年末年始に、デジタル大掃除のススメ

新年を気持ちよく迎えるための大掃除シーズン。部屋をすっきりさせたら、デジタルデータも大掃除しませんか?スマホで撮ってそのままの写真や動画、新しいスマホに変わったけれど、データが残っているから処分できずにいる古いスマホ。実は大量に届いているダイレクトメール。ついつい放置しがちなデータの整理をして、スマホやパソコンと一緒に心も軽く、新年を迎えたいものです。デジタル終活の仕方などを専門とするデジタル資産ジャーナリストの古田雄介氏に、デジタル大掃除の方法をご紹介いただきます。

【ライター】

デジタル資産ジャーナリスト:古田雄介さん
1977年生まれ。建設業界と葬祭業界を経て2002年に執筆業へ転職し、テクニカル系の記事執筆と死の周辺の実情調査を進める。「古田雄介のアキバPick UP!」(ITmedia PC USER)、「インターネット跡を濁さず」(d.365)、「ネットと人生」(インプレス シニアガイド)などを連載。著書に「ここが知りたい! デジタル遺品」(技術評論社)、「故人サイト」(社会評論社)、「死とインターネット」などがある。
2020年1月に中公新書ラクレよりデジタル遺品に関する新著を刊行予定。

デジタルの大掃除を始めるときに注意したい、ただひとつのこと

デジタル資産ジャーナリストの古田です。デジタルの持ち物の大掃除についてお話させていただきますね。

家の中であっても、デジタルであっても大掃除の流れは基本的には変わりません。

・荷物を棚卸し
・必要なものや不要なものを分別
・余白のできた空間を隅々までキレイに
・必要なものを整理して戻す
・不要なものをばっさり捨てる

ということになります。

ただし、「必要なもの」の範囲がアナログとデジタルでは少し異なります。たとえば、書斎に愛読している本と不要な本、新聞の山があるとしましょう。普通の(アナログの)大掃除なら不要な本と新聞は束ねて捨てて、愛読本だけ取っておきますよね。しかし、デジタルでは、新聞の山も取っておいたほうがよいケースがよくあります。
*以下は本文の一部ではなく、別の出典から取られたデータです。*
Lemma wnorm2_cvg0_dominated (f : nat -> fun_on_grid R) g :
  (forall K n, `|f K n| <= `|g n|) -> inL2 g ->
  (forall K n, (n < K)%N -> f K n = 0) ->
  wnorm2 (f K) @[K --> \oo] --> 0%E.
Proof.
move=> fg g2 f0; apply: (squeeze_cvge _ (cvg_cst 0%E)
  (nneseries_tail_cvg g2 (fun n _ => wterm_ge0 g n))).
apply: nearW => K; rewrite /wnorm2 nneseries_ge0 => [|n _ _]; last first.
  by rewrite lee_fin wterm_ge0.
rewrite (nneseries_split 0 K) => [|n _]; last by rewrite lee_fin wterm_ge0.
rewrite add0n big_mkord big1 ?add0e => [|i _]; last by rewrite f0 //= expr0n addr0 mulr0.
apply: lee_nneseries => [n _ _|n _]; first by rewrite lee_fin wterm_ge0.
by rewrite lee_fin ler_wpM2l ?(ltW (weight_gt0 n)) //; exact/cabs2_le_norm/fg.
Qed.

Lemma wnorm2_cvg0_pointwise (u : nat -> fun_on_grid R) m :
  wnorm2 (u k) @[k --> \oo] --> 0%E -> cabs2 (u k m) @[k --> \oo] --> 0.
Proof.
move=> u0; have wu0 : (weight m * cabs2 (u k m))%:E @[k --> \oo] --> 0%E.
  apply: (squeeze_cvge _ (cvg_cst 0%E) u0); apply: nearW => k.
  by rewrite lee_fin wterm_ge0 wnorm2_ge_term.
have -> : (fun k => cabs2 (u k m))
    = (fun k => (weight m)^-1 * fine (weight m * cabs2 (u k m))%:E).
  by apply/funext => k /=; rewrite mulKf // gt_eqF // weight_gt0.
rewrite -(mulr0 (weight m)^-1); exact: cvgMl_tmp (fine_cvg wu0).
Qed.

Lemma in_graph_closure_diff f g : in_graph_closure alpha sigma f g ->
  forall n, g n = (f n.+1 - f n) / alpha%:C.
Proof.
move=> [_ [_ [a [fa ga]]]] n.
pose u k m := polyfun alpha sigma (a k) m - f m.
pose v k m := dminus_polyfun alpha sigma (a k) m - g m.
pose D := (f n.+1 - f n) / alpha%:C - g n.
(* [D] does not depend on [k], yet is bounded by terms tending to 0 as [k --> \oo]. *)
have D_le k : cabs2 D <= 2 * (cabs2 (v k n)
    + alpha^-2 * (2 * (cabs2 (u k n.+1) + cabs2 (u k n)))).
  have -> : D = v k n - (u k n.+1 - u k n) * (alpha^-1)%:C.
    by rewrite /D /v /u dminus_polyfunE // fmorphV; field; exact: alphaC_neq0.
  apply: le_trans (cabs2B_le _ _) _; rewrite ler_pM2l // lerD2l.
  rewrite cabs2M cabs2_real exprVn mulrC.
  by apply: ler_wpM2l; [rewrite invr_ge0 exprn_ge0 // ltW | exact: cabs2B_le].
have bound0 : 2 * (cabs2 (v k n) + alpha^-2 * (2 * (cabs2 (u k n.+1) + cabs2 (u k n))))
    @[k --> \oo] --> (2 * (0 + alpha^-2 * (2 * (0 + 0))) : R).
  apply: cvgMl_tmp; apply: cvgD; first exact: wnorm2_cvg0_pointwise.
  by do 2 apply: cvgMl_tmp; apply: cvgD; exact: wnorm2_cvg0_pointwise.
rewrite !(addr0, mulr0) in bound0.
have D0 : D = 0.
  apply: cabs2_eq0; apply/eqP; rewrite eq_le cabs2_ge0 andbT.
  by apply: (ler_cvg_to (cvg_cst _) bound0); apply: nearW => k; exact: D_le.
by apply/esym/eqP; rewrite -subr_eq0 -/D D0.
Qed.
Lemma tpo_step_sim t1 l t1' t2 : tpo_rel t1 t2 -> tpo_step D1 F1 t1 l t1' ->
  exists t2', tpo_step D2 F2 t2 l t2' /\ tpo_rel t1' t2'.
Proof.
move=> hr hs; case: hs hr.
- move=> d f e [f' hf]; case: t2 => //= d2 f2 [rd rf].
  have [f2' [he _]] := stepF rf hf.
  by exists (TZ d2 f2 e); split; [apply: tpo1; exists f2' | split].
- move=> d d' f e th he; case: t2 => //= d2 f2 e2 [rd rf <-].
  have [d2' [he' rd']] := stepD rd he.
  by exists (TZ d2' f2 e); split; [apply: tpo2 | split].
- move=> d f e [d' hd'] [f' hf']; case: t2 => //= d2 f2 e2 [rd rf <-].
  have [d2' [he1 _]] := stepD rd hd'.
  have [f2' [he2 _]] := stepF rf hf'.
  by exists (TW d2 f2 (inl e)); split; [apply: tpo3; [exists d2' | exists f2'] | split].
- move=> d f e [f' hf']; case: t2 => //= d2 f2 e2 [rd rf <-].
  have [f2' [he2 _]] := stepF rf hf'.
  by exists (TW d2 f2 (inr e)); split; [apply: tpo4; exists f2' | split].
- move=> d d' f f' e hd' hf'; case: t2 => //= d2 f2 a2 [rd rf <-].
  have [d2' [he1 rd']] := stepD rd hd'.
  have [f2' [he2 rf']] := stepF rf hf'.
  by exists (TY d2' f2'); split; [apply: tpo5 | split].
- move=> d f f' e hf'; case: t2 => //= d2 f2 a2 [rd rf <-].
  have [f2' [he2 rf']] := stepF rf hf'.
  by exists (TY d2 f2'); split; [apply: tpo6 | split].
Qed.

Lemma tpo_trace_sim w : tpo_trace D1 F1 w -> tpo_trace D2 F2 w.
Proof.
move=> [d0 [f0 [hd0 [hf0 [t hp]]]]].
have [d0' [hd0' _]] : lang D2 [::] by apply: langD; exists d0; split=> //; exists d0; constructor.
have [f0' [hf0' _]] : lang F2 [::] by apply: langF; exists f0; split=> //; exists f0; constructor.
exists d0', f0'; split=> //; split=> //.
have : tpo_rel (TY d0 f0) (TY d0' f0') by split; apply: same_word_init.
elim: hp (TY d0' f0') => [x|x a y w' z hs hp IH] t2 hr; first by exists t2; constructor.
have [t2' [hs' hr']] := tpo_step_sim hr hs.
have [z' hz'] := IH _ hr'.
by exists z'; apply: lp_cons hs' hz'.
Qed.
End ThreePlayerObserver.

Lemma tpo_trace_bisimilar (Sig SD1 SF1 SD2 SF2 : finType)
    (D1 : aut Sig SD1) (F1 : aut Sig SF1) (D2 : aut Sig SD2) (F2 : aut Sig SF2)
    PD1 PF1 PD2 PF2 w :
  deterministic D1 -> deterministic F1 -> deterministic D2 -> deterministic F2 ->
  bisimilar D1 D2 PD1 PD2 -> bisimilar F1 F2 PF1 PF2 ->
  tpo_trace D1 F1 w <-> tpo_trace D2 F2 w.
Proof.
move=> dD1 dF1 dD2 dF2 hD hF.
split; apply: tpo_trace_sim => // s; apply: bisimilar_lang.
- exact: hD.
- exact: hF.
- exact: bisimilar_sym hD.
- exact: bisimilar_sym hF.
Qed.

Section Observer.
Variables (Sig T : finType) (H : aut (option Sig) T).

Definition pre_det : aut Sig {set T} :=
  Aut [set: {set T}] (fun X s Y => (Y == UR H (post H X s)) && (Y != set0))
      [set UR H (init' H)].

Lemma edge_pre_det X a Y : edge pre_det X a Y = (Y == UR H (post H X a)) && (Y != set0).
Proof. by rewrite /edge /= !in_setT. Qed.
捨てるものは、いらない本だけというわけです。

デジタルデータはどれだけの容量があっても物理的に空間を圧迫しません。加えて、検索性が優れているので、単体では不要なデータであっても集合体になると貴重な情報源になるということがおきます。電子版の新聞を一年間とっていたなら2019年のことが調べられる大辞典になりますし、仕事相手との他愛のないメールのやりとりも10年分たまっていたら過去の進行や人間関係を辿れるかけがえのない記録簿となります。最近更新していないSNSアカウントも、そのSNSだけのコミュニティや投稿内容があるなら、無理に整理することはありません。ずっと使える連絡帳として残しておいたほうが有意義なはずです。

愛読本だけでなく、そうした使えそうなものは整理したうえで極力残す。デジタルの大掃除を始めるときは、この意識を念頭に置くことが重要です。何しろデジタルの持ち物は一瞬で削除できます。「やっぱり必要だ!」と粗大ゴミ置き場から元に戻すこともできませんから。

デジタル機器の中身は全体像を把握しながら整理する

そのうえで、デジタル機器やインターネット上にある荷物を棚卸ししていきましょう。デジタル機器内のデータの保存方法は人によっても機種によっても違いがありますから、共通ポイントだけお伝えしますね。

スマホはアプリを一望して、不要なものをアンインストールしていくのが常道です。
次のように確認すると、アプリごとの使用容量が一望できるので、ストレージの圧迫具合を見ながら、不要なファイルを削除したり、クラウドやmicroSDカードに移したりするのが良いでしょう。

【スマホ】 
iPhoneの場合
「設定」-「一般」-「iPhoneストレージ」メニュー

Androidの場合
「設定」から各種アプリの一覧画面

パソコンの場合、不要なバックアップファイルやアプリケーション、一時保存のファイルなどは各自の判断で削除していけばよいですが、ストレージ容量の圧迫を理由に大量削除するのは得策とはいえません。パソコンは外付けハードディスクなどで簡単に増設できるので、かけがえのないデータを削除するくらいなら、容れ物を買い足すほうが建設的だと思います。最近は3テラバイトの外付けハードディスクでも1万円程度で買えることもあります。

左が外付けハードディスク

【パソコン】
Windowsの場合
「エクスプローラー」-「PC」フォルダーを開くと、階層ごとにファイルが一望

macの場合
「Finder」を開くと、階層ごとにファイルが一望

さて、そうして棚卸しと不要なデータの削除(場合によっては増設)を進めながら、自分好みに整理していくのが大掃除の醍醐味だと思います。スマホもパソコンも自由にフォルダーを作ってアプリやデータを管理できますし、画面上の配置も自由にできます。

私の周りでは「仕事用」や「プライベート用」、「家族と共有用」と、用途別に分類するスタイルがオーソドックスです。基本的には持ち主である自分が快適に使えれば十分ですが、緊急時に家族が状況を把握しやすいように、仕事の連絡先やお金関連のデータはログインしてすぐに見つかるような目立つ位置に配置しておくと親切だと思います。

サブスク全盛の時代、お金の流れはシンプルに

インターネット上の持ち物で必ず確認しておきたいのは、サブスクリプション(サブスクと省略)と呼ばれる定額支払いサービスの利用動向です。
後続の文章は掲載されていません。